**Problem to solve:** Of the lines below, write out exactly those from the line with "(* irreducibility of" through the line with "Gam x x * f", both included, and skip the rest.

◇ ◇ ◇ ◇

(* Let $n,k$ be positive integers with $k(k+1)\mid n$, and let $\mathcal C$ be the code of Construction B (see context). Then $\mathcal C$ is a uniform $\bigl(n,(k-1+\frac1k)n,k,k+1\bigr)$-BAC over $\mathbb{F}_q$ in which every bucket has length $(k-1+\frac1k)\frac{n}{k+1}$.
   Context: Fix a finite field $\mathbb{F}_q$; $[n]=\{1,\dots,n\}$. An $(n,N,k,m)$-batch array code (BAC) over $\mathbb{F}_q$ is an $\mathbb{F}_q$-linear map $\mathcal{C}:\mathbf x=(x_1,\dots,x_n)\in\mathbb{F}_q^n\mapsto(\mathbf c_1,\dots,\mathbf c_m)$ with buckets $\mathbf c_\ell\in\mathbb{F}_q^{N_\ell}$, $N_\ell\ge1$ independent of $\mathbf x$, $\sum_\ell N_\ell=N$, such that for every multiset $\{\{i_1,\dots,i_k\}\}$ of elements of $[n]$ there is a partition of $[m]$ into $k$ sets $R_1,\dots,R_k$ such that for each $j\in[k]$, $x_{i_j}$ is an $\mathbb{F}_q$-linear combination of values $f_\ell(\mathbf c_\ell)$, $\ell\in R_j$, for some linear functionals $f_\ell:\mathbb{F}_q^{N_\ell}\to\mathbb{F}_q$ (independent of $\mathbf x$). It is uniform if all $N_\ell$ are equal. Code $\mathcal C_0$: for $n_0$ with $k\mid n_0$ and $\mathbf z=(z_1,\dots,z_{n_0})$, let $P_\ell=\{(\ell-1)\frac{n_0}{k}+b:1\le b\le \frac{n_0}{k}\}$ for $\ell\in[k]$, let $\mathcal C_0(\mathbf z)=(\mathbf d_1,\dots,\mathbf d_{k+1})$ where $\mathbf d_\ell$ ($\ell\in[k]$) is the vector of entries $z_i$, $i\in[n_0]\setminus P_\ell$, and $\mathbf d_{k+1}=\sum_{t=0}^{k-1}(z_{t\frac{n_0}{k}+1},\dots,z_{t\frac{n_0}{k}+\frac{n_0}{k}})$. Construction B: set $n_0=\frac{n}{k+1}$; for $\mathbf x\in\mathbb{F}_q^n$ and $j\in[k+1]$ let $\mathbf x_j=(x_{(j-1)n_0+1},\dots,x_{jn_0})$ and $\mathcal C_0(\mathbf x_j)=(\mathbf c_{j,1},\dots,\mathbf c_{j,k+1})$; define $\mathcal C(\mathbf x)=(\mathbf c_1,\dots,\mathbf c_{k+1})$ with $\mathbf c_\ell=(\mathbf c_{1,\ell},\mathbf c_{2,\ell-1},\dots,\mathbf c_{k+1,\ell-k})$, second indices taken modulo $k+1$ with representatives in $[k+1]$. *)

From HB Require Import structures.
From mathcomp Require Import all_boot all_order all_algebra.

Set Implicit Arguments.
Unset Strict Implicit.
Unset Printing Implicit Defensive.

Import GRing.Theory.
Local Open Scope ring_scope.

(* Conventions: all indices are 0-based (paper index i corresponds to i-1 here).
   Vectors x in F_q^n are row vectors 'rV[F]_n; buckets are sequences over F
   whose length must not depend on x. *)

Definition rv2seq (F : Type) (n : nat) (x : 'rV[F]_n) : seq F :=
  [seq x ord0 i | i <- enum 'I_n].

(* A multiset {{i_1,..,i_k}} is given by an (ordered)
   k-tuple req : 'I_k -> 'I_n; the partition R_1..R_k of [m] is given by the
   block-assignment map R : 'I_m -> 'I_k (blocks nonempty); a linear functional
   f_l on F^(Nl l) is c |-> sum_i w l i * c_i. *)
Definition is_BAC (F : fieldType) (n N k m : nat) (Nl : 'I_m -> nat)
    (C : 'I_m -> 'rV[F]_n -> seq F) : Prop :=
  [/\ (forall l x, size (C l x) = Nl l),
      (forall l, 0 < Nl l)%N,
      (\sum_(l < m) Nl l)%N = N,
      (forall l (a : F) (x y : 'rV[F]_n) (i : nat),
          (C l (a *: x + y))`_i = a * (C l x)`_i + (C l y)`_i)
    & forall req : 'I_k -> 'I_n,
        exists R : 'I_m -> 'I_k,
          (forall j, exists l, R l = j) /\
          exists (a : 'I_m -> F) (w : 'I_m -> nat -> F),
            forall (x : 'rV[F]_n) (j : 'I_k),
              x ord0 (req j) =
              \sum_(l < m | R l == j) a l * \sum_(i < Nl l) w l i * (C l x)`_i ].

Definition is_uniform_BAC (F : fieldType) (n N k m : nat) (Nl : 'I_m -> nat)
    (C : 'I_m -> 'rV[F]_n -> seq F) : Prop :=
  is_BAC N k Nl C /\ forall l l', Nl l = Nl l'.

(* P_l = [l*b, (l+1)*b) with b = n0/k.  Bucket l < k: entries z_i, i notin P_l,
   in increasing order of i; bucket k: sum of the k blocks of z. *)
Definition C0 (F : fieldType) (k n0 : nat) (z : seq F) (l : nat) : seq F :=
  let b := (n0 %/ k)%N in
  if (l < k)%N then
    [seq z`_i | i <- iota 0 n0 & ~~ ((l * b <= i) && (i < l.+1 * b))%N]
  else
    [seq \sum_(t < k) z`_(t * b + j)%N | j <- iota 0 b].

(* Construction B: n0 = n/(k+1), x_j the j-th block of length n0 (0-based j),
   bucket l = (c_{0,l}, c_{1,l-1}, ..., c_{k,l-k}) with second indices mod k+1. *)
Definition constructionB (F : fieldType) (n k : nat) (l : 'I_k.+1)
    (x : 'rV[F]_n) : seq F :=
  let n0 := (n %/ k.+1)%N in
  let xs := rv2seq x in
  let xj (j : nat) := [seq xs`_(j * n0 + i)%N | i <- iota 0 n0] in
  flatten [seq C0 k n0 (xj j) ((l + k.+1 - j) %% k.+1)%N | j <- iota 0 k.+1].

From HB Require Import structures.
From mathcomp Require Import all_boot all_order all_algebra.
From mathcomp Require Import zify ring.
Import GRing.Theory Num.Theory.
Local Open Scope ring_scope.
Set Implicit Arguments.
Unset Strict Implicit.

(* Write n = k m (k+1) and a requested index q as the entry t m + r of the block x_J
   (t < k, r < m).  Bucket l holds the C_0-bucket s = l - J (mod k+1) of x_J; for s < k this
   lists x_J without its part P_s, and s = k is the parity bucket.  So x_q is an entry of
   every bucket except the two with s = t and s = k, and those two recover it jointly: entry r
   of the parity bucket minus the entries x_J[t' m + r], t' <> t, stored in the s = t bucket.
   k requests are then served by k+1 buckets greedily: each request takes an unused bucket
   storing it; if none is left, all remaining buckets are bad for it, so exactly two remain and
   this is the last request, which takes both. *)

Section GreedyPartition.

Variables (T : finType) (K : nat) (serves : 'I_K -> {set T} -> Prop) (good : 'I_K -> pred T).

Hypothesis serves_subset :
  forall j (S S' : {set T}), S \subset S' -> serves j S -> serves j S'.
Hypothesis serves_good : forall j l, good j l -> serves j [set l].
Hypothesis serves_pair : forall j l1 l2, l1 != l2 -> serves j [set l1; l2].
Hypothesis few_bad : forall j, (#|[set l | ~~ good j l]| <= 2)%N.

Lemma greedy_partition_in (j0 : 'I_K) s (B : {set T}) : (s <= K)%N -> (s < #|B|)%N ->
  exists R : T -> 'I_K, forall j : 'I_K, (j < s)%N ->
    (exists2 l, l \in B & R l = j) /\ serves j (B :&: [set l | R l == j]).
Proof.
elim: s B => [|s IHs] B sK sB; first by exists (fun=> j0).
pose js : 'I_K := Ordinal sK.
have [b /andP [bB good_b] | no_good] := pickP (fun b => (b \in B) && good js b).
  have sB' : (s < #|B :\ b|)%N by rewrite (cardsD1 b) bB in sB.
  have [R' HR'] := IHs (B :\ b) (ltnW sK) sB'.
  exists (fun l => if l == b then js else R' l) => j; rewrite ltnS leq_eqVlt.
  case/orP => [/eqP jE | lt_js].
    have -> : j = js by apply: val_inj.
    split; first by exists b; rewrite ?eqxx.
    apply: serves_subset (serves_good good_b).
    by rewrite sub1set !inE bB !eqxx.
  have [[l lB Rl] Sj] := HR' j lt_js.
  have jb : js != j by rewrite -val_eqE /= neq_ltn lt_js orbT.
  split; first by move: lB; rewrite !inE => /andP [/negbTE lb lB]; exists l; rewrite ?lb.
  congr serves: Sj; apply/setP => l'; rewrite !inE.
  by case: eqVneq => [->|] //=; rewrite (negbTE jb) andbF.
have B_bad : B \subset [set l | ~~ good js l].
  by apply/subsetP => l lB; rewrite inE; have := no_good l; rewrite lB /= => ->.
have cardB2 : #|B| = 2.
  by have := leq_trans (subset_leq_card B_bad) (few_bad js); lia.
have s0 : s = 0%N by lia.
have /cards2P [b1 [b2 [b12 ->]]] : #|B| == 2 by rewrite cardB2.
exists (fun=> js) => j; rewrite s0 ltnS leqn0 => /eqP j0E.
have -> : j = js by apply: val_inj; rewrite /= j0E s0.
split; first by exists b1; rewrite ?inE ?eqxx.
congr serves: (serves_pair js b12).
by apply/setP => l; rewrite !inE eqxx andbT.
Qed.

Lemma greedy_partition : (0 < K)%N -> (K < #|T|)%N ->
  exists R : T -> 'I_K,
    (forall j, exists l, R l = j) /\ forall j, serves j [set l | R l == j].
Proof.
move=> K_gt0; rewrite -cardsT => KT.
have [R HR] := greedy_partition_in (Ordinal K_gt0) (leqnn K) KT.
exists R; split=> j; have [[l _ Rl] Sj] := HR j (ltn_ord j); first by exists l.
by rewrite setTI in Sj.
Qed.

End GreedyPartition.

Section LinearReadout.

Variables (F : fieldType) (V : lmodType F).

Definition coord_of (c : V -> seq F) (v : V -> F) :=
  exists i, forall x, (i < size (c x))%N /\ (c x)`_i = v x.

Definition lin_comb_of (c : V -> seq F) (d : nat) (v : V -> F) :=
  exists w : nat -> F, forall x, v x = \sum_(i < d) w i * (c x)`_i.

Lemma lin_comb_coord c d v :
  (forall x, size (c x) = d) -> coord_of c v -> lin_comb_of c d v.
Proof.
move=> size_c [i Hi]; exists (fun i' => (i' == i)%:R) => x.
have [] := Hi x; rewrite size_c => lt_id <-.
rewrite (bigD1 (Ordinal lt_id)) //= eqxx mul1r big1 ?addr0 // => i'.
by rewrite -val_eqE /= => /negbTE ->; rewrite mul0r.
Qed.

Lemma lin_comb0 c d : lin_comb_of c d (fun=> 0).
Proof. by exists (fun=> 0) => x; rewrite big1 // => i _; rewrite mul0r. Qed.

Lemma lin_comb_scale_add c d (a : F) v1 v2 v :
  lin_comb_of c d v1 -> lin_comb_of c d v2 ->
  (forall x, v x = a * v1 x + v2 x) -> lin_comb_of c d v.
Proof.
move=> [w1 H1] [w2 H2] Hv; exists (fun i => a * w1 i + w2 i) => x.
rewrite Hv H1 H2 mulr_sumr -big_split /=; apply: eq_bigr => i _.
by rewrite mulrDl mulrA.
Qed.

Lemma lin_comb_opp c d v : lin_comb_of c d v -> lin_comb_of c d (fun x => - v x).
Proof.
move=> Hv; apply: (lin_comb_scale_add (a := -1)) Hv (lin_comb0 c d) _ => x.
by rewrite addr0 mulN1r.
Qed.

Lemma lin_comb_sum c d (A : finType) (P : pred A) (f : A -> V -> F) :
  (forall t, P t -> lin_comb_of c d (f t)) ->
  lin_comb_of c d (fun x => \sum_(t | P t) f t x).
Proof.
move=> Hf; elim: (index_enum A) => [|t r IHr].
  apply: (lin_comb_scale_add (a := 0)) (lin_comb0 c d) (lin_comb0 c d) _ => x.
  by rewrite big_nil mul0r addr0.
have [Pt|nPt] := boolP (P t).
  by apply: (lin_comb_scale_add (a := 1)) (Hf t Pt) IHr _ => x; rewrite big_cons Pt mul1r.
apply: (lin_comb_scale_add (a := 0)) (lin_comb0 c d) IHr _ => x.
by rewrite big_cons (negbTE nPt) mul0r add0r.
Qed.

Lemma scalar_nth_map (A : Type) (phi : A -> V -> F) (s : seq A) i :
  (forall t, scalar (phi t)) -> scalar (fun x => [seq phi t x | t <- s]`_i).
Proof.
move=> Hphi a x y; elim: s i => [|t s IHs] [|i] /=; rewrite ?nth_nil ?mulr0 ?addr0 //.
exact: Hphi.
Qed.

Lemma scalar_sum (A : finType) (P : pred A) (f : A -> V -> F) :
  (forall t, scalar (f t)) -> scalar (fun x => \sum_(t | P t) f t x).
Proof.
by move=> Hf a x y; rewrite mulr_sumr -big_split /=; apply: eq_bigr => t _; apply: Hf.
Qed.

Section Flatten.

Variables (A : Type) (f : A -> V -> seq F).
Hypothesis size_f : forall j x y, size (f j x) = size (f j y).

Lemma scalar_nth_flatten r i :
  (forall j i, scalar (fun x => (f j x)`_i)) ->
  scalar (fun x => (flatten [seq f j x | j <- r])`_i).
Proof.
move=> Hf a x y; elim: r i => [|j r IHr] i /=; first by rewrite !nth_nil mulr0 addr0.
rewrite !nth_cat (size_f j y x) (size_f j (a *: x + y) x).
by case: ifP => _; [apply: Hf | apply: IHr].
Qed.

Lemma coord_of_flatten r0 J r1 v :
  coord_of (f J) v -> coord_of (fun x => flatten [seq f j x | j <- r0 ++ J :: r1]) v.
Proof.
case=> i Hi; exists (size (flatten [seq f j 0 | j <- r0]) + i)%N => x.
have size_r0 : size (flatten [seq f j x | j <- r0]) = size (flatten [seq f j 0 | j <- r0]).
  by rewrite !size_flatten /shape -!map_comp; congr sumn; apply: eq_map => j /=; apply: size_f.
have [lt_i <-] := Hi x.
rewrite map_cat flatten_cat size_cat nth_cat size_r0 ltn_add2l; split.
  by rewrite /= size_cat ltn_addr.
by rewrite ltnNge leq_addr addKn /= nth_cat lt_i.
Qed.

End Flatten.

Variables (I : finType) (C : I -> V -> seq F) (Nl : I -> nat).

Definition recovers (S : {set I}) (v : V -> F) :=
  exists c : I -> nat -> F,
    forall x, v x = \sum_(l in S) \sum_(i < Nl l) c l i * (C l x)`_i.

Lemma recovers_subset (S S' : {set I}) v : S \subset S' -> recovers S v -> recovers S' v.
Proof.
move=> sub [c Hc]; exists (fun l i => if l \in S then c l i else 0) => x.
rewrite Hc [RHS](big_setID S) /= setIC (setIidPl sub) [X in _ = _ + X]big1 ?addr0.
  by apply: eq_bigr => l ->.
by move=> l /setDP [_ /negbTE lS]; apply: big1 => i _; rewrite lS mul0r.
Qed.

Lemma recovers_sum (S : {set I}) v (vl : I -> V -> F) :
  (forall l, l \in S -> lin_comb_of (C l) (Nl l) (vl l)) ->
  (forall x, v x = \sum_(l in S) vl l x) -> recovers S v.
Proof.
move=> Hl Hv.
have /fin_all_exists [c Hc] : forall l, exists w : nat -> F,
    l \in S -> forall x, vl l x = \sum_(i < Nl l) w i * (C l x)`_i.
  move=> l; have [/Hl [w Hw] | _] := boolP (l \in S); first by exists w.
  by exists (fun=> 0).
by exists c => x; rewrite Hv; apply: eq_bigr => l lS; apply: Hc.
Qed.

◇ ◇ ◇ ◇

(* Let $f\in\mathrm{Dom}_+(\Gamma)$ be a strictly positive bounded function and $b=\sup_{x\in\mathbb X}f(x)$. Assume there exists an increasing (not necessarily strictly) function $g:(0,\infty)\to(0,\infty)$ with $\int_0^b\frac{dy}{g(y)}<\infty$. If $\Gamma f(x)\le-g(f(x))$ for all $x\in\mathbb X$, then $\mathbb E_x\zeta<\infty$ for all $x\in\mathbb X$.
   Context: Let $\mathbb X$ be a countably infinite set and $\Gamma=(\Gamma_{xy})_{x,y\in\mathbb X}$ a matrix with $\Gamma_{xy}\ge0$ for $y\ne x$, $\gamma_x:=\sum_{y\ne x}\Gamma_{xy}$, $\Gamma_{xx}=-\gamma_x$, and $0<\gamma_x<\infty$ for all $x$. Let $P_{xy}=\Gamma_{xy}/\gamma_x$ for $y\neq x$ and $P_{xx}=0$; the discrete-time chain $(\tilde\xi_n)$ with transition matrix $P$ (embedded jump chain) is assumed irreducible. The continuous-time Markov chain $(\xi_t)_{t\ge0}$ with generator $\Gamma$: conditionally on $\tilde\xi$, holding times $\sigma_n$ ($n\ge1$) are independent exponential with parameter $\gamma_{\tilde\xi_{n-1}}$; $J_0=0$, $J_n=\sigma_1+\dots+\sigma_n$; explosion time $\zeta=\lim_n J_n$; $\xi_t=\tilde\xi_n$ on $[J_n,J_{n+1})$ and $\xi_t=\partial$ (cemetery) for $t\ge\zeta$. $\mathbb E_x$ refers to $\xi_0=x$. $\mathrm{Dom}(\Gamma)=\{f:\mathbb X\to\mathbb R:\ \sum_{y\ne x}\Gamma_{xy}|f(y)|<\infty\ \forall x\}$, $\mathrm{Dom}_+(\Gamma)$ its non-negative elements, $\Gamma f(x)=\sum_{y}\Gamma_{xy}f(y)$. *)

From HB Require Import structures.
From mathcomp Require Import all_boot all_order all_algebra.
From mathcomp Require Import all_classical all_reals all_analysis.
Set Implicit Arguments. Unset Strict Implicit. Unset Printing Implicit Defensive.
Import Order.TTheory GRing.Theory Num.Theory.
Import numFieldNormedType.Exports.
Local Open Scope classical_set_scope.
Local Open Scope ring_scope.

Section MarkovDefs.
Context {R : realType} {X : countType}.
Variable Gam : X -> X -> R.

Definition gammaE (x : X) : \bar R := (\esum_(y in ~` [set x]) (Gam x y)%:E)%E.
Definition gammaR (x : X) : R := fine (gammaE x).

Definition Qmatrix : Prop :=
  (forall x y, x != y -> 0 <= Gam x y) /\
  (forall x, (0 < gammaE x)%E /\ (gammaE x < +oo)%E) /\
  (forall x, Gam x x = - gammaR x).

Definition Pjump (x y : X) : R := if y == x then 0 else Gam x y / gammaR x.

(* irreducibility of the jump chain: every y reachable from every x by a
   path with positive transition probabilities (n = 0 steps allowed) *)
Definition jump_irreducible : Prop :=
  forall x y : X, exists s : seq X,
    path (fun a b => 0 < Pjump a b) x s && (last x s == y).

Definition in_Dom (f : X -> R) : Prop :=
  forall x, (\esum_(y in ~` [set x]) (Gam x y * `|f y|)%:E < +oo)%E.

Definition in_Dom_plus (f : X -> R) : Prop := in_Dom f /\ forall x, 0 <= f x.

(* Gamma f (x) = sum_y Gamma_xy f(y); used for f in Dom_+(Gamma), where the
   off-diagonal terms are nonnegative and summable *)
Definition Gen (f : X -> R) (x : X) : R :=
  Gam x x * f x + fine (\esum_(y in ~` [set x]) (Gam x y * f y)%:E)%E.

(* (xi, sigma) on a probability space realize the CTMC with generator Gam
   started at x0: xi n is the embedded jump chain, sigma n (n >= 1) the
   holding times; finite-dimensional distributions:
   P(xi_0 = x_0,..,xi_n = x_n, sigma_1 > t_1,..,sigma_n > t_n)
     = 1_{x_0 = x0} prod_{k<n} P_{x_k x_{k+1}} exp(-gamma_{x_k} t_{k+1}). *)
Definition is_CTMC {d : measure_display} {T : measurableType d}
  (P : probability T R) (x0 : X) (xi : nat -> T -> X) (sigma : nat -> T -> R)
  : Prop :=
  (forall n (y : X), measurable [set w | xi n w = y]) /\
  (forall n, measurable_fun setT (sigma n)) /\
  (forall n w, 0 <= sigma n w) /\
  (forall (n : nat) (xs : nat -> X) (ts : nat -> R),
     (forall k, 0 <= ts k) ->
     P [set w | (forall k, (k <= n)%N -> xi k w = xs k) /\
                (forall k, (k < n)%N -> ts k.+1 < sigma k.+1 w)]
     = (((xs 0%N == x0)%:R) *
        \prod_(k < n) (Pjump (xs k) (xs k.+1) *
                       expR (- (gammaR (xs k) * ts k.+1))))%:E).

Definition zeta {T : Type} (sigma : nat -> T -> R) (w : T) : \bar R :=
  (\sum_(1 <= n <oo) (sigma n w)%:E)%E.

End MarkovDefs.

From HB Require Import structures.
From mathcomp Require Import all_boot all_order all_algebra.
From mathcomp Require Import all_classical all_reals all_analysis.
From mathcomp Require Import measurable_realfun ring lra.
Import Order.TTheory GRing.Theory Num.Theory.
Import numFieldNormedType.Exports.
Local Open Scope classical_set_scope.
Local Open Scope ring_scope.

◇ ◇ ◇ ◇

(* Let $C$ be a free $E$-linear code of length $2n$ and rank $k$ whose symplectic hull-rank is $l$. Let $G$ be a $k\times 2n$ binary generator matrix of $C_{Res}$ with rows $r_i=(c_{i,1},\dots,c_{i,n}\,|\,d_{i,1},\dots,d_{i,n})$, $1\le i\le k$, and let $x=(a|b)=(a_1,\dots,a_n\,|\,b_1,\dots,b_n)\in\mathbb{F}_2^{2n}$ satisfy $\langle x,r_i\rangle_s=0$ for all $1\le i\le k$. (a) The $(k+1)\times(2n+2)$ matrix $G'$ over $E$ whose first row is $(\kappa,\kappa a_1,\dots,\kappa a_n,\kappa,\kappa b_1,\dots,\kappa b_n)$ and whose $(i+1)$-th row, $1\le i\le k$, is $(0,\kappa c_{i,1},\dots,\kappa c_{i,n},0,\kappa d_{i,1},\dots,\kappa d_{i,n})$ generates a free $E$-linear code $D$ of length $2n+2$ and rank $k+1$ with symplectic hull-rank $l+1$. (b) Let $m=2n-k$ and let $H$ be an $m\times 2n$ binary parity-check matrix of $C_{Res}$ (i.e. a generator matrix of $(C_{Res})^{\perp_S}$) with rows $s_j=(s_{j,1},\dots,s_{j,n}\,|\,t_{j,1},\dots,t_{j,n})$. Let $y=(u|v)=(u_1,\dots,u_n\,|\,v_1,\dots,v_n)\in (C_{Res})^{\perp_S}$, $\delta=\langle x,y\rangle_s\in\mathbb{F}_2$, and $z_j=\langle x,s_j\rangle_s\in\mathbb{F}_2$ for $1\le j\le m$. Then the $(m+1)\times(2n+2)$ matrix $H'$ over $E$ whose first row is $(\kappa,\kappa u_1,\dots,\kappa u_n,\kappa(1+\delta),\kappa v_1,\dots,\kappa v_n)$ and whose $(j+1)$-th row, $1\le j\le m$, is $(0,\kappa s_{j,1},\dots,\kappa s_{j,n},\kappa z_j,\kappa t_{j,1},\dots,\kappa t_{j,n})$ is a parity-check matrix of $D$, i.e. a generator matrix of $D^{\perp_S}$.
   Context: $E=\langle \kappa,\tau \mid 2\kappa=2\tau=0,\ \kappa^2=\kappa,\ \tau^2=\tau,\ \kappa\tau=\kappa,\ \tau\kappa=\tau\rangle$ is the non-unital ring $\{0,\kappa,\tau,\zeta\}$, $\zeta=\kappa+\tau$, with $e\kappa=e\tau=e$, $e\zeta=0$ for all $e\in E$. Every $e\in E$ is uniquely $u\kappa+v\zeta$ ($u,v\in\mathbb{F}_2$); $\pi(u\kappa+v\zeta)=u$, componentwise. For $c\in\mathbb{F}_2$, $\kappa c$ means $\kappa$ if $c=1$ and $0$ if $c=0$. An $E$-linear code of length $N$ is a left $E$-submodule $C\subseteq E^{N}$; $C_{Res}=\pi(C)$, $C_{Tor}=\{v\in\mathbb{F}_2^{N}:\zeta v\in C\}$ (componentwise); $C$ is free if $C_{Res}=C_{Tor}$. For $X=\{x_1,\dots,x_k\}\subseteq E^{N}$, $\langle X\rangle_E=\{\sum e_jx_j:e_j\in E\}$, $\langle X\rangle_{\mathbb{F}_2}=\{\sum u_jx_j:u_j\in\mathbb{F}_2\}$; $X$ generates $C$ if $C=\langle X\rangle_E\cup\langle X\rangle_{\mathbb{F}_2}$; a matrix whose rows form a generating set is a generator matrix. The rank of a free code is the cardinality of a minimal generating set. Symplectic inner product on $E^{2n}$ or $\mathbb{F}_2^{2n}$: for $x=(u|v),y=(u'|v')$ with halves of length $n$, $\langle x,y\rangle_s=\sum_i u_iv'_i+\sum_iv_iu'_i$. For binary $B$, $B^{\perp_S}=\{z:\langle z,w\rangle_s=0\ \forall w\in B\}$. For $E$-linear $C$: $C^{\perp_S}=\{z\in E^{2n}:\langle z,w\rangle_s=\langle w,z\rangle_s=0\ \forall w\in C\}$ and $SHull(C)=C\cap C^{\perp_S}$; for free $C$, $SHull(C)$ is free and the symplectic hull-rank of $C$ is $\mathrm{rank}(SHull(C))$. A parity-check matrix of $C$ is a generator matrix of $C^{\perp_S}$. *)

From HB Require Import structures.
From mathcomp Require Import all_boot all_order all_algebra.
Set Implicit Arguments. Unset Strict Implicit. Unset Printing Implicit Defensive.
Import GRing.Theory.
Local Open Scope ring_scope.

◇ ◇ ◇ ◇

**Solution to this task:**
(* irreducibility of the jump chain: every y reachable from every x by a
   path with positive transition probabilities (n = 0 steps allowed) *)
Definition jump_irreducible : Prop :=
  forall x y : X, exists s : seq X,
    path (fun a b => 0 < Pjump a b) x s && (last x s == y).

Definition in_Dom (f : X -> R) : Prop :=
  forall x, (\esum_(y in ~` [set x]) (Gam x y * `|f y|)%:E < +oo)%E.

Definition in_Dom_plus (f : X -> R) : Prop := in_Dom f /\ forall x, 0 <= f x.

(* Gamma f (x) = sum_y Gamma_xy f(y); used for f in Dom_+(Gamma), where the
   off-diagonal terms are nonnegative and summable *)
Definition Gen (f : X -> R) (x : X) : R :=
  Gam x x * f x + fine (\esum_(y in ~` [set x]) (Gam x y * f y)%:E)%E.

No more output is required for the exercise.